Ayer hablábamos de ese hombre bueno llamado Angelo Giuseppe Roncalli –Juan XXIII– y de su famosísima, valiente y entrañable encíclica "Pacem in terris", hoy vuelve su palabra y su pensamiento resonando por cada calle y por cada rincón de este Madrid que se prepara para la llegada de Rayzinger.
«Todos deben convencerse que ni el cese en la carrera de armamentos, ni la reducción de las armas, ni, lo que es fundamental, el desarme general son posibles si este desarme no es absolutamente completo y llega hasta las mismas conciencias; es decir, si no se esfuerzan todos por colaborar cordial y sinceramente en eliminar de los corazones el temor y la angustiosa perspectiva de la guerra.
Esto, a su vez, requiere que esa norma suprema que hoy se sigue para mantenerla paz se sustituya por otra completamente distinta, en virtud de la cual se reconozca que una paz internacional verdadera y constante no puede apoyarse en el equilibrio de las fuerzas militares, sino únicamente en la confianza recíproca [...].

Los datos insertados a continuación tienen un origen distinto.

(* A certificate [d = (P, q, rho)] makes [P] and [q] [rho]-scaled primal and dual
   solutions with [b . q < c . P]; scaled weak duality rules this out, after pairing
   them with [y0] and [z0] when [rho = 0]. *)
Lemma optimality_no_certificate z0 y0 (d : (J + I) + unit -> R) :
    primal_feasible z0 -> dual_feasible y0 -> (forall r, 0 <= d r) ->
    (forall v, 0 <= \sum_r d r * optimality_matrix r v) ->
  0 <= \sum_r d r * optimality_rhs r.
Proof.
move=> [z00 Az0] [y00 y0A] d0 dM.
pose P j := d (inl (inl j)); pose q i := d (inl (inr i)); pose rho := d (inr tt).
have colE v : \sum_r d r * optimality_matrix r v
    = \sum_j P j * optimality_matrix (inl (inl j)) v
      + \sum_i q i * optimality_matrix (inl (inr i)) v + rho * optimality_matrix (inr tt) v.
  by rewrite big_sumType big_sumType big_unit.
have AP i : \sum_j A i j * P j <= rho * b i.
  have := dM (inl i); rewrite colE /= [X in _ + X + _]big1 ?addr0 => [|i' _].
    by under eq_bigr do rewrite mulrN mulrC; rewrite sumrN addrC subr_ge0.
  by rewrite mulr0.
have qA j : rho * c j <= \sum_i q i * A i j.
  have := dM (inr j); rewrite colE /= big1 ?add0r => [|j' _]; last by rewrite mulr0.
  by rewrite mulrN subr_ge0.
have P0 j : 0 <= P j by exact: d0.
have q0 i : 0 <= q i by exact: d0.
suff : \sum_j c j * P j <= \sum_i b i * q i.
  rewrite big_sumType big_sumType big_unit /= mulr0 addr0.
  under [X in _ -> _ <= X + _]eq_bigr do rewrite mulrN.
  rewrite sumrN addrC subr_ge0.
  by under eq_bigr do rewrite mulrC; under [X in _ <= X]eq_bigr do rewrite mulrC.
have [rho_gt0 | rho_le0] := ltrP 0 rho.
  by rewrite -(ler_pM2l rho_gt0) scaled_weak_duality.
have rho0 : rho = 0 by apply/eqP; rewrite eq_le rho_le0 d0.
have cP_le0 : 1 * \sum_j c j * P j <= 0 * \sum_i b i * y0 i.
  apply: scaled_weak_duality => // [i | j]; first by apply: le_trans (AP i) _; rewrite rho0.
  by rewrite mul1r y0A.
have bq_ge0 : 0 * \sum_j c j * z0 j <= 1 * \sum_i b i * q i.
  apply: scaled_weak_duality => // [i | j]; first by rewrite mul1r Az0.
  by apply: le_trans (qA j); rewrite rho0.
by move: cP_le0 bq_ge0; rewrite !mul0r !mul1r => ? ?; lra.
Qed.
(* Let $P$ be a $C_\pi$ process and suppose $P\xrightarrow{\alpha_1}P_1\xrightarrow{\alpha_2}\cdots\xrightarrow{\alpha_m}P_m$. Then $\mathrm{fo}(P_m)\subseteq \mathrm{fo}(P)\cup\mathrm{bn}(\alpha_1)\cup\cdots\cup\mathrm{bn}(\alpha_m)$.
   Context: The Confidential $\pi$-calculus $C_\pi$. There are two disjoint countable sets: ${\cal V}$ of variables (ranged over by $x,y,z,\dots$) and ${\cal C}$ of channels (ranged over by $k,l,m,n,\dots$). Let ${\cal N}={\cal V}\cup{\cal C}$, ranged over by $a,b,c,\dots$. Prefixes: $\pi ::= \overline{a}\langle k\rangle \mid a(x) \mid [a=b]\pi$. Processes: $P ::= 0 \mid \pi.P \mid P\,|\,P \mid (\nu k)P \mid\, !P$. The object of an output is always a channel, and the bound object of an input is always a variable. In $(\nu k)P$ the channel $k$ is bound, and in $a(x).P$ the variable $x$ is bound, with scope $P$. The sets $\mathrm{fn}(P)$, $\mathrm{bn}(P)$ and $\mathrm{n}(P)$ are the free, bound and all names of $P$. The set $\mathrm{fo}(P)$ consists of the free channels of $P$ that occur as objects of output prefixes in $P$. Processes are identified up to $\alpha$-conversion. Actions: $\alpha ::= \overline{k}\langle l\rangle \mid k(l) \mid (\nu l)\overline{k}\langle l\rangle \mid \tau$, where $k,l$ are channels. We have $\mathrm{fn}(\overline{k}\langle l\rangle)=\mathrm{fn}(k(l))=\{k,l\}$, $\mathrm{fn}((\nu l)\overline{k}\langle l\rangle)=\{k\}$, $\mathrm{bn}((\nu l)\overline{k}\langle l\rangle)=\{l\}$, all other bound-name sets are empty, $\mathrm{fn}(\tau)=\emptyset$, and $\mathrm{n}(\alpha)=\mathrm{fn}(\alpha)\cup\mathrm{bn}(\alpha)$. The labelled transition relation $\xrightarrow{\alpha}$ is the least relation closed under the following rules: - (out) $\overline{k}\langle l\rangle.P \xrightarrow{\overline{k}\langle l\rangle} P$. - (in) $k(x).P \xrightarrow{k(l)} P\{l/x\}$ for every channel $l$. - (match) If $\pi.P\xrightarrow{\alpha}P'$, then $[a=a]\pi.P\xrightarrow{\alpha}P'$. - (res) If $P\xrightarrow{\alpha}P'$ and $k\notin \mathrm{n}(\alpha)$, then $(\nu k)P\xrightarrow{\alpha}(\nu k)P'$. - (open) If $P\xrightarrow{\overline{k}\langle l\rangle}Q$ and $k\neq l$, then $(\nu l)P\xrightarrow{(\nu l)\overline{k}\langle l\rangle}Q$. - (par-l) If $P\xrightarrow{\alpha}Q$ and $\mathrm{bn}(\alpha)\cap\mathrm{fn}(R)=\emptyset$, then $P|R\xrightarrow{\alpha}Q|R$. - (comm-l) If $P\xrightarrow{\overline{k}\langle l\rangle}P'$ and $Q\xrightarrow{k(l)}Q'$, then $P|Q\xrightarrow{\tau}P'|Q'$. - (close-l) If $P\xrightarrow{(\nu l)\overline{k}\langle l\rangle}P'$, $Q\xrightarrow{k(l)}Q'$ and $l\notin\mathrm{fn}(Q)$, then $P|Q\xrightarrow{\tau}(\nu l)(P'|Q')$. - The symmetric rules (par-r), (comm-r), (close-r). - (rep-act) If $P\xrightarrow{\alpha}P'$, then $!P\xrightarrow{\alpha}P'|!P$. - (rep-comm) If $P\xrightarrow{\overline{k}\langle l\rangle}P'$ and $P\xrightarrow{k(l)}P''$, then $!P\xrightarrow{\tau}(P'|P'')|!P$. - (rep-close) If $P\xrightarrow{(\nu l)\overline{k}\langle l\rangle}P'$, $P\xrightarrow{k(l)}P''$ and $l\notin\mathrm{fn}(P)$, then $!P\xrightarrow{\tau}(\nu l)(P'|P'')|!P$. *)

From Stdlib Require Import List Arith.
Import ListNotations.

(* Two disjoint countable sets: variables and channels (both indexed by nat,
   kept disjoint by the constructors of [name]). *)
Definition var := nat.
Definition chan := nat.

Inductive name : Type :=
| NVar (x : var)
| NChan (k : chan).

(* pi ::= a<k> | a(x) | [a=b]pi  (output object is a channel, input binds a variable) *)
Inductive prefix : Type :=
| POut (a : name) (k : chan)
| PIn (a : name) (x : var)
| PMatch (a b : name) (p : prefix).

Inductive proc : Type :=
| Nil
| Pre (p : prefix) (P : proc)
| Par (P Q : proc)
| Res (k : chan) (P : proc)
| Rep (P : proc).

Fixpoint pbv (p : prefix) : option var :=
  match p with
  | POut _ _ => None
  | PIn _ x => Some x
  | PMatch _ _ q => pbv q
  end.

(* ---------- alpha-equivalence, via translation to nameless (de Bruijn) form ---------- *)
Inductive dname : Type :=
| DFV (x : var) | DBV (i : nat) | DFC (k : chan) | DBC (i : nat).

Inductive dprefix : Type :=
| DOut (a c : dname)
| DIn (a : dname)
| DMatch (a b : dname) (p : dprefix).

Inductive dproc : Type :=
| DNil
| DPre (p : dprefix) (P : dproc)
| DPar (P Q : dproc)
| DRes (P : dproc)
| DRep (P : dproc).

Fixpoint lookup (l : list nat) (x : nat) : option nat :=
  match l with
  | [] => None
  | y :: l' => if Nat.eqb x y then Some 0 else option_map S (lookup l' x)
  end.

Definition db_name (cenv venv : list nat) (a : name) : dname :=
  match a with
  | NVar x => match lookup venv x with Some i => DBV i | None => DFV x end
  | NChan k => match lookup cenv k with Some i => DBC i | None => DFC k end
  end.

Fixpoint db_prefix (cenv venv : list nat) (p : prefix) : dprefix :=
  match p with
  | POut a k => DOut (db_name cenv venv a) (db_name cenv venv (NChan k))
  | PIn a _ => DIn (db_name cenv venv a)
  | PMatch a b q => DMatch (db_name cenv venv a) (db_name cenv venv b) (db_prefix cenv venv q)
  end.

Fixpoint db (cenv venv : list nat) (P : proc) : dproc :=
  match P with
  | Nil => DNil
  | Pre p Q => DPre (db_prefix cenv venv p)
                    (db cenv (match pbv p with Some x => x :: venv | None => venv end) Q)
  | Par Q R => DPar (db cenv venv Q) (db cenv venv R)
  | Res k Q => DRes (db (k :: cenv) venv Q)
  | Rep Q => DRep (db cenv venv Q)
  end.

Definition alpha (P Q : proc) : Prop := db [] [] P = db [] [] Q.

Definition name_chans (a : name) : list chan :=
  match a with NVar _ => [] | NChan k => [k] end.

Fixpoint prefix_chans (p : prefix) : list chan :=
  match p with
  | POut a k => name_chans a ++ [k]
  | PIn a _ => name_chans a
  | PMatch a b q => name_chans a ++ name_chans b ++ prefix_chans q
  end.

(* free channels of a process (the channel part of fn(P)) *)
Fixpoint fc (P : proc) : list chan :=
  match P with
  | Nil => []
  | Pre p Q => prefix_chans p ++ fc Q
  | Par Q R => fc Q ++ fc R
  | Res k Q => remove Nat.eq_dec k (fc Q)
  | Rep Q => fc Q
  end.

Fixpoint bc (P : proc) : list chan :=
  match P with
  | Nil => []
  | Pre _ Q => bc Q
  | Par Q R => bc Q ++ bc R
  | Res k Q => k :: bc Q
  | Rep Q => bc Q
  end.

Fixpoint prefix_objs (p : prefix) : list chan :=
  match p with
  | POut _ k => [k]
  | PIn _ _ => []
  | PMatch _ _ q => prefix_objs q
  end.

Fixpoint fo (P : proc) : list chan :=
  match P with
  | Nil => []
  | Pre p Q => prefix_objs p ++ fo Q
  | Par Q R => fo Q ++ fo R
  | Res k Q => remove Nat.eq_dec k (fo Q)
  | Rep Q => fo Q
  end.

Definition subst_name (x : var) (l : chan) (a : name) : name :=
  match a with
  | NVar y => if Nat.eqb x y then NChan l else a
  | NChan _ => a
  end.

Fixpoint subst_prefix (x : var) (l : chan) (p : prefix) : prefix :=
  match p with
  | POut a k => POut (subst_name x l a) k
  | PIn a y => PIn (subst_name x l a) y
  | PMatch a b q => PMatch (subst_name x l a) (subst_name x l b) (subst_prefix x l q)
  end.

(* naive substitution; it is used only when l is not bound in P (so no capture),
   which together with the alpha rule gives capture-avoiding substitution *)
Fixpoint subst (x : var) (l : chan) (P : proc) : proc :=
  match P with
  | Nil => Nil
  | Pre p Q => Pre (subst_prefix x l p)
                   (match pbv p with
                    | Some y => if Nat.eqb x y then Q else subst x l Q
                    | None => subst x l Q end)
  | Par Q R => Par (subst x l Q) (subst x l R)
  | Res k Q => Res k (subst x l Q)
  | Rep Q => Rep (subst x l Q)
  end.

Inductive act : Type :=
| AOut (k l : chan)
| AIn (k l : chan)
| ABOut (k l : chan)
| ATau.

Definition fn_act (a : act) : list chan :=
  match a with
  | AOut k l => [k; l] | AIn k l => [k; l] | ABOut k _ => [k] | ATau => []
  end.

Definition bn_act (a : act) : list chan :=
  match a with ABOut _ l => [l] | _ => [] end.

Definition n_act (a : act) : list chan := fn_act a ++ bn_act a.

Definition disjoint (l1 l2 : list chan) : Prop := forall c, In c l1 -> ~ In c l2.

Inductive trans : proc -> act -> proc -> Prop :=
| t_out k l P : trans (Pre (POut (NChan k) l) P) (AOut k l) P
| t_in k x l P : ~ In l (bc P) -> trans (Pre (PIn (NChan k) x) P) (AIn k l) (subst x l P)
| t_match a p P a' P' : trans (Pre p P) a' P' -> trans (Pre (PMatch a a p) P) a' P'
| t_res k P a P' : trans P a P' -> ~ In k (n_act a) -> trans (Res k P) a (Res k P')
| t_open l k P Q : trans P (AOut k l) Q -> k <> l -> trans (Res l P) (ABOut k l) Q
| t_par_l P Q R a : trans P a Q -> disjoint (bn_act a) (fc R) -> trans (Par P R) a (Par Q R)
| t_par_r P Q R a : trans P a Q -> disjoint (bn_act a) (fc R) -> trans (Par R P) a (Par R Q)
| t_comm_l P P' Q Q' k l : trans P (AOut k l) P' -> trans Q (AIn k l) Q' ->
    trans (Par P Q) ATau (Par P' Q')
| t_comm_r P P' Q Q' k l : trans P (AOut k l) P' -> trans Q (AIn k l) Q' ->
    trans (Par Q P) ATau (Par Q' P')
| t_close_l P P' Q Q' k l : trans P (ABOut k l) P' -> trans Q (AIn k l) Q' -> ~ In l (fc Q) ->
    trans (Par P Q) ATau (Res l (Par P' Q'))
| t_close_r P P' Q Q' k l : trans P (ABOut k l) P' -> trans Q (AIn k l) Q' -> ~ In l (fc Q) ->
    trans (Par Q P) ATau (Res l (Par Q' P'))
| t_rep_act P a P' : trans P a P' -> trans (Rep P) a (Par P' (Rep P))
| t_rep_comm P P' P'' k l : trans P (AOut k l) P' -> trans P (AIn k l) P'' ->
    trans (Rep P) ATau (Par (Par P' P'') (Rep P))
| t_rep_close P P' P'' k l : trans P (ABOut k l) P' -> trans P (AIn k l) P'' -> ~ In l (fc P) ->
    trans (Rep P) ATau (Par (Res l (Par P' P'')) (Rep P))
(* processes are identified up to alpha-conversion *)
| t_alpha P P1 a Q1 Q : alpha P P1 -> trans P1 a Q1 -> alpha Q1 Q -> trans P a Q.

Inductive steps : proc -> list act -> proc -> Prop :=
| steps_nil P : steps P [] P
| steps_cons P a P1 l Q : trans P a P1 -> steps P1 l Q -> steps P (a :: l) Q.

From Stdlib Require Import List Arith.
Import ListNotations.
(* Let $\eta\in\mathcal O_N$ and let $p^B_i(\eta)$, $p^D_i(\eta)$ denote the probabilities that an explorer attaches to column $i$ in configuration $\eta$ under ballistic, respectively diffusive, deposition. Then for every $k=1,\dots,N$, $$\sum_{i=1}^k p^B_i(\eta)\ge\sum_{i=1}^k\frac{\eta_i+1}{|\eta|+N}\quad\text{and}\quad\sum_{i=1}^k p^D_i(\eta)\ge\sum_{i=1}^k\frac{\eta_i+1}{|\eta|+N}.$$
   Context: Deposition models: for $N\ge2$, $G_N=\{1,\dots,N\}$, a configuration $\eta\in\mathbb N^N$ gives column heights, $|\eta|=\sum_i\eta_i$. Given $\eta$, an explorer is a walk $(X_n,Z_n)_{n\ge0}$ with $(X_n)$ i.i.d. uniform on $G_N$, $Z_0=\max_i\eta_i+1$, and increments $Z_{n+1}-Z_n$ i.i.d. uniform on $\{-1,1\}$ independent of $(X_n)$ (diffusive deposition) or identically $-1$ (ballistic deposition); with $n^*=\inf\{n:Z_n\le\eta_{X_n}\}$, the explorer attaches to column $X_{n^*}$. $\mathcal O_N$ is the set of $\eta\in\mathbb N^N$ with $\eta_1\ge\dots\ge\eta_N$. *)

From Stdlib Require Import Reals Lra Lia ZArith Arith List.
Import ListNotations.
Open Scope R_scope.

(* Columns are indexed 1..N; a configuration is eta : nat -> nat,
   only its values on 1..N matter. *)

Definition total (N : nat) (eta : nat -> nat) : nat :=
  fold_right Nat.add 0%nat (map eta (seq 1 N)).

Definition maxh (N : nat) (eta : nat -> nat) : nat :=
  fold_right Nat.max 0%nat (map eta (seq 1 N)).

Fixpoint words {A : Type} (letters : list A) (len : nat) : list (list A) :=
  match len with
  | O => [[]]
  | S l => flat_map (fun a => map (cons a) (words letters l)) letters
  end.

Fixpoint walk (z0 : Z) (ds : list Z) : list Z :=
  match ds with
  | [] => [z0]
  | d :: ds' => z0 :: walk (z0 + d)%Z ds'
  end.

(* column to which the explorer attaches, if the first time n with
   Z_n <= eta (X_n) occurs within the given (finite) trajectory *)
Fixpoint attach (eta : nat -> nat) (xs : list nat) (zs : list Z) : option nat :=
  match xs, zs with
  | x :: xs', z :: zs' =>
      if Z.leb z (Z.of_nat (eta x)) then Some x else attach eta xs' zs'
  | _, _ => None
  end.

(* Increment laws: uniform on the given list. *)
Definition diffusive_steps : list Z := [1%Z; (-1)%Z].
Definition ballistic_steps : list Z := [(-1)%Z].

(* P(n* <= n and X_{n*} = i): exact probability of an event determined by
   X_0..X_n (i.i.d. uniform on {1..N}) and the first n increments
   (i.i.d. uniform on the list steps). *)
Definition attach_prob_upto (steps : list Z) (N : nat) (eta : nat -> nat)
    (i n : nat) : R :=
  let z0 := Z.of_nat (S (maxh N eta)) in
  let good := filter
      (fun p : list nat * list Z =>
         match attach eta (fst p) (walk z0 (snd p)) with
         | Some j => Nat.eqb j i
         | None => false
         end)
      (list_prod (words (seq 1 N) (S n)) (words steps n)) in
  INR (length good) / (INR N ^ (S n) * INR (length steps) ^ n).

Definition rsum_1_to (k : nat) (f : nat -> R) : R :=
  fold_right Rplus 0 (map f (seq 1 k)).

From Stdlib Require Import Reals Lra Lia ZArith Arith List.
Import ListNotations.
Open Scope R_scope.

(* The probabilities of attaching within n moves are iterates of a monotone one-step
   operator, so a function h <= 1 that lies below its own image bounds from below the
   probability of attaching to one of the columns 1..k plus the probability of not having
   attached yet.  When every step is at least -1, such a function is the probability that a
   ballistic explorer started at a given height attaches to 1..k: it is nondecreasing in the
   height and can be computed level by level.  Because the columns reaching any height form
   an initial segment 1..m, a weighted-average comparison shows that from above the tallest
   column it is at least sum_{i<=k} (eta_i + 1) / (|eta| + N).  Finally, the probability of
   never attaching vanishes: trivially for ballistic moves, and for diffusive moves because
   its limit is a bounded function that is harmonic above the tallest column (hence
   constant there) and at most (N - 1) / N times its supremum below it. *)

Definition rsum {A} (l : list A) (f : A -> R) : R := fold_right Rplus 0 (map f l).
Definition mean {A} (l : list A) (f : A -> R) : R := / INR (length l) * rsum l f.
Definition indicator (b : bool) : R := if b then 1 else 0.

Lemma indicator_bounds b : 0 <= indicator b <= 1.
Proof. unfold indicator; destruct b; lra. Qed.

Lemma rsum_cons {A : Type} a l (f : A -> R) : rsum (a :: l) f = f a + rsum l f.
Proof. reflexivity. Qed.

Lemma rsum_app {A : Type} l1 l2 (f : A -> R) : rsum (l1 ++ l2) f = rsum l1 f + rsum l2 f.
Proof.
  induction l1 as [|a l1 IH]; [change (rsum [] f) with 0; rewrite app_nil_l; lra|].
  rewrite <- app_comm_cons, !rsum_cons, IH; lra.
Qed.

Lemma rsum_ext_in {A : Type} l (f g : A -> R) :
  (forall a, In a l -> f a = g a) -> rsum l f = rsum l g.
Proof. intros H; unfold rsum; f_equal; apply map_ext_in, H. Qed.

Lemma rsum_ext {A : Type} l (f g : A -> R) : (forall a, f a = g a) -> rsum l f = rsum l g.
Proof. intros H; apply rsum_ext_in; auto. Qed.

Lemma rsum_plus {A : Type} l (f g : A -> R) : rsum l (fun a => f a + g a) = rsum l f + rsum l g.
Proof. induction l as [|a l IH]; [cbn; lra|]. rewrite !rsum_cons, IH; lra. Qed.

Lemma rsum_scal {A : Type} l c (f : A -> R) : rsum l (fun a => c * f a) = c * rsum l f.
Proof. induction l as [|a l IH]; [cbn; lra|]. rewrite !rsum_cons, IH; lra. Qed.

Lemma rsum_const {A : Type} l c : rsum l (fun _ : A => c) = INR (length l) * c.
Proof. induction l as [|a l IH]; [cbn; lra|]. rewrite rsum_cons, IH, length_cons, S_INR; lra. Qed.

Lemma rsum_le_in {A : Type} l (f g : A -> R) :
  (forall a, In a l -> f a <= g a) -> rsum l f <= rsum l g.
Proof.
  induction l as [|a l IH]; intros H; [cbn; lra|]. rewrite !rsum_cons.
  apply Rplus_le_compat; [apply H; left | apply IH; intros; apply H; right]; auto.
Qed.

Lemma rsum_nonneg {A : Type} l (f : A -> R) : (forall a, 0 <= f a) -> 0 <= rsum l f.
Proof.
  intros H. rewrite <- (Rmult_0_r (INR (length l))), <- rsum_const.
  apply rsum_le_in; auto.
Qed.

Lemma rsum_swap {A B : Type} (l1 : list A) (l2 : list B) F :
  rsum l1 (fun a => rsum l2 (fun b => F a b)) = rsum l2 (fun b => rsum l1 (fun a => F a b)).
Proof.
  induction l1 as [|a l1 IH].
  - rewrite (rsum_ext l2 _ (fun _ => 0)), rsum_const by reflexivity. cbn; lra.
  - rewrite rsum_cons, IH, <- rsum_plus. reflexivity.
Qed.

Lemma rsum_list_prod {A B : Type} (l1 : list A) (l2 : list B) F :
  rsum (list_prod l1 l2) F = rsum l1 (fun a => rsum l2 (fun b => F (a, b))).
Proof.
  induction l1 as [|a l1 IH]; [reflexivity|]. cbn [list_prod].
  rewrite rsum_app, rsum_cons, IH. unfold rsum; rewrite map_map. reflexivity.
Qed.

Lemma rsum_flat_map_cons {A : Type} (l : list A) (W : list (list A)) F :
  rsum (flat_map (fun a => map (cons a) W) l) F = rsum l (fun a => rsum W (fun w => F (a :: w))).
Proof.
  induction l as [|a l IH]; [reflexivity|]. cbn [flat_map].
  rewrite rsum_app, rsum_cons, IH. unfold rsum; rewrite map_map. reflexivity.
Qed.
Lemma cvgry_pos_lbound (R : realType) (b : nat -> R) :
  (forall n, 0 < b n) -> b @ \oo --> +oo -> exists2 b0, 0 < b0 & forall n, b0 <= b n.
Proof.
move=> b_gt0 /to_pinftyP /(_ 1) [N b_gt1].
suff [b0 b0_gt0 b0_le] : exists2 b0, 0 < b0 & forall n, (n < N)%N -> b0 <= b n.
  exists (Num.min b0 1) => [|n]; first by rewrite lt_min b0_gt0 ltr01.
  have [/b0_le b0_le_n | /b_gt1 /ltW b_ge1] := ltnP n N.
    by rewrite ge_min b0_le_n.
  by rewrite ge_min b_ge1 orbT.
elim: N {b_gt1} => [|N [b0 b0_gt0 b0_le]]; first by exists 1.
exists (Num.min b0 (b N)) => [|n]; first by rewrite lt_min b0_gt0 b_gt0.
rewrite ltnS leq_eqVlt => /orP[/eqP-> | /b0_le b0_le_n].
  by rewrite ge_min lexx orbT.
by rewrite ge_min b0_le_n.
Qed.

Lemma EFin_lt_dense (R : realType) (c : R) (y : \bar R) :
  (c%:E < y)%E -> exists2 t, c < t & (t%:E < y)%E.
Proof.
case: y => [r | _ | //]; last by exists (c + 1); [rewrite ltrDl | exact: ltry].
by rewrite lte_fin => /midf_lt [? ?]; exists ((c + r) / 2); rewrite ?lte_fin.
Qed.

Lemma cvge_EFin_bounds (R : realType) (u : nat -> \bar R) (c : R) :
  (forall t, t < c -> \forall n \near \oo, (t%:E < u n)%E) ->
  (forall t, c < t -> \forall n \near \oo, (u n < t%:E)%E) ->
  u @ \oo --> c%:E.
Proof.
move=> u_gt u_lt; apply: cvg_EFin.
  near=> n; rewrite fin_numElt; apply/andP; split.
    by apply: lt_trans (ltNyr (c - 1)) _; near: n; apply: u_gt; rewrite gtrDl.
  by apply: lt_trans (ltry (c + 1)); near: n; apply: u_lt; rewrite ltrDl.
apply/cvgrPdist_lt => e e_gt0; near=> n.
have : ((c - e)%:E < u n)%E by near: n; apply: u_gt; rewrite gtrDl oppr_lt0.
have : (u n < (c + e)%:E)%E by near: n; apply: u_lt; rewrite ltrDl.
by rewrite /=; case: (u n) => [r | //| //]; rewrite !lte_fin ltr_distlC /= => -> ->.
Unshelve. all: end_near. Qed.

Section MetricConvergence.
Context {R : realType} {M : Type} {dist : M -> M -> R}.
Hypothesis dist_metric : is_metric dist.

Lemma mconvP (u : nat -> M) x :
  mconv dist u x <-> forall e, 0 < e -> \forall n \near \oo, dist (u n) x < e.
Proof. by split=> ux e /ux /near_inftyP. Qed.

Lemma mconv_comp (u : nat -> M) x (phi : nat -> nat) :
  phi @ \oo --> \oo -> mconv dist u x -> mconv dist (u \o phi) x.
Proof. by move=> phi_oo /mconvP ux; apply/mconvP => e /ux; exact: phi_oo. Qed.

Lemma dist_ge0 x y : 0 <= dist x y.
Proof.
have [dist0 dist_sym dist_tri] := dist_metric.
by have := dist_tri x y x; rewrite (proj2 (dist0 x x) erefl) (dist_sym y x); lra.
Qed.

Lemma mconv_uniq (u : nat -> M) x y : mconv dist u x -> mconv dist u y -> x = y.
Proof.
have [dist0 dist_sym dist_tri] := dist_metric.
move=> /mconvP ux /mconvP uy; apply/dist0/eqP; rewrite eq_le dist_ge0 andbT.
apply/ler_addgt0Pr => e e_gt0; rewrite add0r.
have e2_gt0 : 0 < e / 2 by rewrite divr_gt0.
near \oo => n.
have : dist (u n) x < e / 2 by near: n; exact: ux.
have : dist (u n) y < e / 2 by near: n; exact: uy.
by have := dist_tri x (u n) y; rewrite (dist_sym x (u n)) => ? ? ?; lra.
Unshelve. all: end_near. Qed.

Lemma mclosed_mconv (A : set M) (u : nat -> M) x :
  mclosed dist A -> (forall n, A (u n)) -> mconv dist u x -> A x.
Proof.
have [_ dist_sym _] := dist_metric.
move=> A_closed Au ux; apply: contrapT => Ax.
have [r r_gt0 ball_notA] := A_closed x Ax; have [N uN] := ux r r_gt0.
by apply: (ball_notA (u N)) (Au N); rewrite /mball /= dist_sym; exact: uN.
Qed.

Lemma lsc_mconv (f : M -> \bar R) (u : nat -> M) x t :
  lsc dist f -> mconv dist u x -> (t%:E < f x)%E ->
  \forall n \near \oo, (t%:E < f (u n))%E.
Proof.
have [_ dist_sym _] := dist_metric.
move=> f_lsc /mconvP ux /(f_lsc t) [r r_gt0 ball_sub].
near=> n; apply: ball_sub; rewrite /mball /= dist_sym.
by near: n; exact: ux.
Unshelve. all: end_near. Qed.

End MetricConvergence.

Definition eps_optimal {R : realType} {M : Type} (F : set (set M))
    (J : \bar R -> M -> \bar R) (b e : R) (A : set M) : Prop :=
  F A /\ forall x, A x -> (J b%:E x <= cval F J b%:E + e%:E)%E.

Section MinimaxLimit.
Context {R : realType} {M : Type} {dist : M -> M -> R}.
Context {F : set (set M)} {J : \bar R -> M -> \bar R} {eta : \bar R -> M -> M}.

Lemma eps_optimal_exists (b e : R) : 0 < e -> cval F J b%:E \is a fin_num ->
  exists A, eps_optimal F J b e A.
Proof.
move=> e_gt0 /(lb_ereal_inf_adherent e_gt0) [_ [A FA <-] A_lt].
exists A; split => // x Ax; apply: le_trans (ltW A_lt).
by apply: ereal_sup_ubound; exists x.
Qed.

Lemma optimal_eps_optimal (b : R) (A : set M) :
  optimal F (J b%:E) (cval F J b%:E) A -> eps_optimal F J b 0 A.
Proof.
case=> FA A_sup; split => // x Ax; rewrite -A_sup adde0.
by apply: ereal_sup_ubound; exists x.
Qed.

Es, en primer lugar, una exigencia dictada por la razón. En realidad, como todos saben, o deberían saber, las relaciones internacionales, como las relaciones individuales, han de regirse no por la fuerza de las armas, sino por las normas de la recta razón, es decir, las normas de la verdad, de la justicia y de una activa solidaridad.
Decimos, en segundo lugar, que es un objetivo sumamente deseable. ¿Quién, en efecto, no anhela con ardentísimos deseos que se eliminen los peligros de una guerra, se conserve incólume la paz y se consolide ésta con garantías cada día más firmes?
Por último, este objetivo es extraordinariamente fecundo en bienes, porque sus ventajas alcanzan a todos sin excepción, es decir, a cada persona, a los hogares, a los pueblos, a la entera familia humana. Como lo advertía nuestro predecesor Pío XII con palabras de aviso que todavía resuenan vibrantes en nuestros oídos: ˝Nada se pierde con la paz; todo puede perderse con la guerra˝».